How about using |= here?

r=me
Comment 8 Darin Adler 2009-05-31 17:07:46 PDT
Comment on attachment 30817 [details]
Don't needlessly sort location path results

> +            NodeSet(const NodeSet& other) : m_isSorted(other.m_isSorted), m_subtreesAreDisjoint(other.m_subtreesAreDisjoint), m_nodes(other.m_nodes) { }
> +            NodeSet& operator=(const NodeSet& other) { m_isSorted = other.m_isSorted; m_subtreesAreDisjoint = other.m_subtreesAreDisjoint; m_nodes = other.m_nodes; return *this; }

You should instead delete these explicit definitions. The compiler defaults would work fine.

r=me
Comment 9 Alexey Proskuryakov 2009-05-31 21:32:09 PDT
Comment on attachment 30812 [details]
first step

Committed revision 44306, clearing review flag.

> How about using |= here?

Not sure about that - it feels strange to use a binary operation with booleans.
Comment 10 Darin Adler 2009-05-31 21:51:32 PDT
(In reply to comment #9)
> Not sure about that - it feels strange to use a binary operation with booleans.

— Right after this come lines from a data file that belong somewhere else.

(* Let $\mathbf{k}$ be a field of characteristic $\neq 2$. Let $(\wedge V,d)$ be a minimal algebra generated in degree $1$ (i.e. $V=V^1$), and let $(A,d)$, $(B,d)$ be CDGAs over $\mathbf{k}$ with $A^0=\mathbf{k}$. If $f:(\wedge V,d)\to(A,d)$ is a CDGA morphism and $\psi:(B,d)\to(A,d)$ is a quasi-isomorphism (not necessarily surjective), then there is a CDGA morphism $g:(\wedge V,d)\to(B,d)$ with $\psi\circ g=f$. Moreover, if $f$ is a quasi-isomorphism then so is $g$.
   Context: A CDGA over $\mathbf{k}$ is a graded-commutative algebra $A=\bigoplus_{i\ge0}A^i$ with a degree $+1$ derivation $d$, $d^2=0$. A quasi-isomorphism is a CDGA morphism inducing an isomorphism in cohomology. A minimal algebra is a CDGA $(\wedge V,d)$ where $\wedge V$ is the free graded-commutative algebra on a graded vector space $V=\bigoplus_{i\geq1}V^i$, and there is a basis $\{x_\tau\}_{\tau\in I}$ of $V$ indexed by a well-ordered set $I$ such that $\deg x_\mu\le\deg x_\tau$ whenever $\mu<\tau$ and each $dx_\tau$ lies in the subalgebra generated by the $x_\mu$ with $\mu<\tau$. *)

From HB Require Import structures.
From mathcomp Require Import all_boot all_order all_algebra.
Set Implicit Arguments. Unset Strict Implicit. Unset Printing Implicit Defensive.
Import Order.TTheory GRing.Theory Num.Theory.
Local Open Scope ring_scope.

(* A graded k-algebra is represented by a k-algebra A together with a family
   of predicates [deg n] singling out the homogeneous elements of degree n,
   i.e. deg n x <-> x \in A^n.                  *)

Section Graded.
Variable k : fieldType.

Definition gca (A : algType k) (deg : nat -> A -> Prop) : Prop :=
  [/\
      (forall n, deg n 0) ,
      (forall n (a : k) x y, deg n x -> deg n y -> deg n (a *: x + y)) ,
      (forall x : A, exists N (f : nat -> A),
          (forall i, deg i (f i)) /\ x = \sum_(i < N) f i) ,
      (forall N (f : nat -> A), (forall i, deg i (f i)) ->
          \sum_(i < N) f i = 0 -> forall i, (i < N)%N -> f i = 0) &
      [/\ deg 0 1 ,
          (forall i j (a b : A), deg i a -> deg j b -> deg (i + j)%N (a * b)) &
          (forall i j (a b : A), deg i a -> deg j b ->
              a * b = (-1) ^+ (i * j) *: (b * a))]].

Definition cdga (A : algType k) (deg : nat -> A -> Prop) (d : A -> A) : Prop :=
  [/\ gca deg ,
      (forall (a : k) x y, d (a *: x + y) = a *: d x + d y) ,
      (forall n x, deg n x -> deg n.+1 (d x)) ,
      (forall x, d (d x) = 0) &
      (forall i (a b : A), deg i a -> d (a * b) = d a * b + (-1) ^+ i *: (a * d b))].

Definition gmor (A B : algType k) (degA : nat -> A -> Prop) (degB : nat -> B -> Prop)
  (f : A -> B) : Prop :=
  [/\ (forall (a : k) x y, f (a *: x + y) = a *: f x + f y) ,
      f 1 = 1 ,
      (forall x y, f (x * y) = f x * f y) &
      (forall n x, degA n x -> degB n (f x))].

Definition cdga_mor (A B : algType k) (degA : nat -> A -> Prop) (dA : A -> A)
  (degB : nat -> B -> Prop) (dB : B -> B) (f : A -> B) : Prop :=
  gmor degA degB f /\ (forall x, f (dA x) = dB (f x)).

Definition coboundary (A : algType k) (deg : nat -> A -> Prop) (d : A -> A)
  (n : nat) (x : A) : Prop :=
  match n with
  | 0 => x = 0
  | m.+1 => exists a, deg m a /\ d a = x
  end.

Definition quasi_iso (A B : algType k) (degA : nat -> A -> Prop) (dA : A -> A)
  (degB : nat -> B -> Prop) (dB : B -> B) (f : A -> B) : Prop :=
  cdga_mor degA dA degB dB f /\
  forall n,
    (* injectivity of H^n(f) *)
    (forall z, degA n z -> dA z = 0 -> coboundary degB dB n (f z) ->
        coboundary degA dA n z) /\
    (* surjectivity of H^n(f) *)
    (forall w, degB n w -> dB w = 0 ->
        exists z, [/\ degA n z, dA z = 0 & coboundary degB dB n (w - f z)]).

I don't know why. The logical operations and binary operations both do the same thing with booleans, except for their short-circuiting properties. The binary operations aren't "raw bits" operations or anything like that.
Comment 11 Alexey Proskuryakov 2009-05-31 22:25:52 PDT
Comment on attachment 30817 [details]
Don't needlessly sort location path results

Committed revision 44307, clearing review flag.

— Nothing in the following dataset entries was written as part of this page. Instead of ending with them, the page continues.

Lemma Cn_on_inv (n : nat) (h : R -> R) :
  (forall t, alpha < t < beta -> h t <> 0) -> Cn_on n h -> Cn_on n (fun t => / h t).
Proof.
  revert h; induction n as [|n IH]; intros h Hnz Hh; simpl; auto.
  pose proof (Cn_on_pred _ _ Hh) as Hh'; destruct Hh as [Hdh Hh]; split.
  - intros t Ht; apply ex_derive_inv; auto.
  - apply (Cn_on_ext n (fun t => (-1 * Derive h t) * (/ h t * / h t))).
    + intros s Hs; rewrite Derive_inv; auto; field; auto.
    + apply Cn_on_mult; [apply Cn_on_mult; auto; apply Cn_on_const|].
      apply Cn_on_mult; apply IH; auto.
Qed.

Lemma smooth_on_ext (f g : R -> R) :
  (forall s, alpha < s < beta -> f s = g s) -> smooth_on f -> smooth_on g.
Proof. intros Hfg Hf n; exact (Cn_on_ext n f g Hfg (Hf n)). Qed.

Lemma smooth_on_const (c : R) : smooth_on (fun _ => c).
Proof. intros n; apply Cn_on_const. Qed.

Lemma smooth_on_plus (f g : R -> R) :
  smooth_on f -> smooth_on g -> smooth_on (fun t => f t + g t).
Proof. intros Hf Hg n; apply Cn_on_plus; auto. Qed.

Lemma smooth_on_mult (f g : R -> R) :
  smooth_on f -> smooth_on g -> smooth_on (fun t => f t * g t).
Proof. intros Hf Hg n; apply Cn_on_mult; auto. Qed.


Lemma smooth_on_inv (h : R -> R) :
  (forall t, alpha < t < beta -> h t <> 0) -> smooth_on h -> smooth_on (fun t => / h t).
Proof. intros Hnz Hh n; apply Cn_on_inv; auto. Qed.

Lemma smooth_on_Derive (f : R -> R) : smooth_on f -> smooth_on (Derive f).
Proof. intros Hf n; exact (proj2 (Hf (S n))). Qed.

Lemma smooth_on_ex_derive (f : R -> R) (t : R) :
  smooth_on f -> alpha < t < beta -> ex_derive f t.
Proof. intros Hf; exact (proj1 (Hf 1%nat) t). Qed.

Lemma smooth_on_ex_derive_n (f : R -> R) :
  (forall n t, alpha < t < beta -> ex_derive_n f n t) -> smooth_on f.
Proof.
  intros H n; revert f H; induction n as [|n IH]; intros f H; simpl; auto; split.
  - intros t Ht; exact (H 1%nat t Ht).
  - apply IH; intros [|m] t Ht; simpl; auto.
    unfold ex_derive_n in H |- *.
    apply (ex_derive_ext (Derive_n f (S m))); [|exact (H (S (S m)) t Ht)].
    intros s; change (Derive f) with (Derive_n f 1).
    now rewrite Derive_n_comp, Nat.add_1_r.
Qed.

End OpenInterval.

Ltac solve_smooth_on :=
  repeat match goal with
  | |- smooth_on _ _ (fun _ => _ + _) => apply smooth_on_plus
  | |- smooth_on _ _ (fun _ => _ * _) => apply smooth_on_mult
  | |- smooth_on _ _ (fun _ => _ / _) => apply smooth_on_mult
  | |- smooth_on _ _ (fun _ => / _) => apply smooth_on_inv
  | |- smooth_on _ _ (fun _ => _ ^ 2) => simpl pow
  | |- smooth_on _ _ (fun _ => _) => apply smooth_on_const
  | H : smooth_on ?x ?y ?f |- smooth_on ?x ?y ?f => exact H
  end.

Lemma is_derive_hdot_sum (a : R) (v0 v1 v2 w0 w1 w2 x y : R -> R) (t : R) :
  ex_derive v0 t -> ex_derive v1 t -> ex_derive v2 t ->
  ex_derive w0 t -> ex_derive w1 t -> ex_derive w2 t ->
  ex_derive x t -> ex_derive y t -> conf a (x t) (y t) <> 0 ->
  is_derive (fun s => (v0 s * w0 s + v1 s * w1 s) / conf a (x s) (y s) ^ 2 + v2 s * w2 s) t
    ((Derive v0 t * w0 t + v0 t * Derive w0 t + Derive v1 t * w1 t + v1 t * Derive w1 t)
       / conf a (x t) (y t) ^ 2
     - (v0 t * w0 t + v1 t * w1 t) * (4 * a * (x t * Derive x t + y t * Derive y t))
       / conf a (x t) (y t) ^ 3
     + (Derive v2 t * w2 t + v2 t * Derive w2 t)).
Proof.
  unfold conf; intros; auto_derive.
  - repeat split; auto; simpl; rewrite Rmult_1_r; intros E; nra.
  - repeat match goal with
      |- context [Derive (fun s => ?f s)] => change (Derive (fun s => f s)) with (Derive f)
    end.
    field; auto.
Qed.

Section CurveInM.
Variables (a alpha beta : R) (gamma : R -> vec).
Hypothesis Hs : smooth_curve_in_M a alpha beta gamma.

Lemma conf_curve_pos (t : R) :
  alpha < t < beta -> 0 < conf a (gamma t 0%nat) (gamma t 1%nat).
Proof. intros Ht; exact (proj1 Hs t Ht). Qed.

Lemma smooth_on_component (k : nat) :
  (k < 3)%nat -> smooth_on alpha beta (fun s => gamma s k).
Proof.
  intros Hk; apply smooth_on_ex_derive_n; intros n t Ht; exact (proj2 Hs k n t Hk Ht).
Qed.

Lemma smooth_on_Gamma (k i j : nat) : (k < 3)%nat -> (i < 3)%nat -> (j < 3)%nat ->
  smooth_on alpha beta (fun t => Gamma a k i j (gamma t)).
Proof.
  intros Hk Hi Hj.
  apply (smooth_on_ext _ _ (fun t => christoffel a k i j (gamma t 0%nat) (gamma t 1%nat))).
  { intros s Hs'; rewrite Gamma_christoffel; auto.
    pose proof (conf_curve_pos s Hs'); lra. }
  pose proof (smooth_on_component 0 ltac:(lia)).
  pose proof (smooth_on_component 1 ltac:(lia)).
  unfold christoffel, conf; solve_smooth_on.
  intros t Ht; pose proof (conf_curve_pos t Ht); unfold conf in *; lra.
Qed.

> You should instead delete these explicit definitions. The compiler defaults
> would work fine.

Done.

> I don't know why. The logical operations and binary operations both do the same
> thing with booleans, except for their short-circuiting properties.

It's not so good for BOOLs and Booleans, but OK, changed it when landing this patch.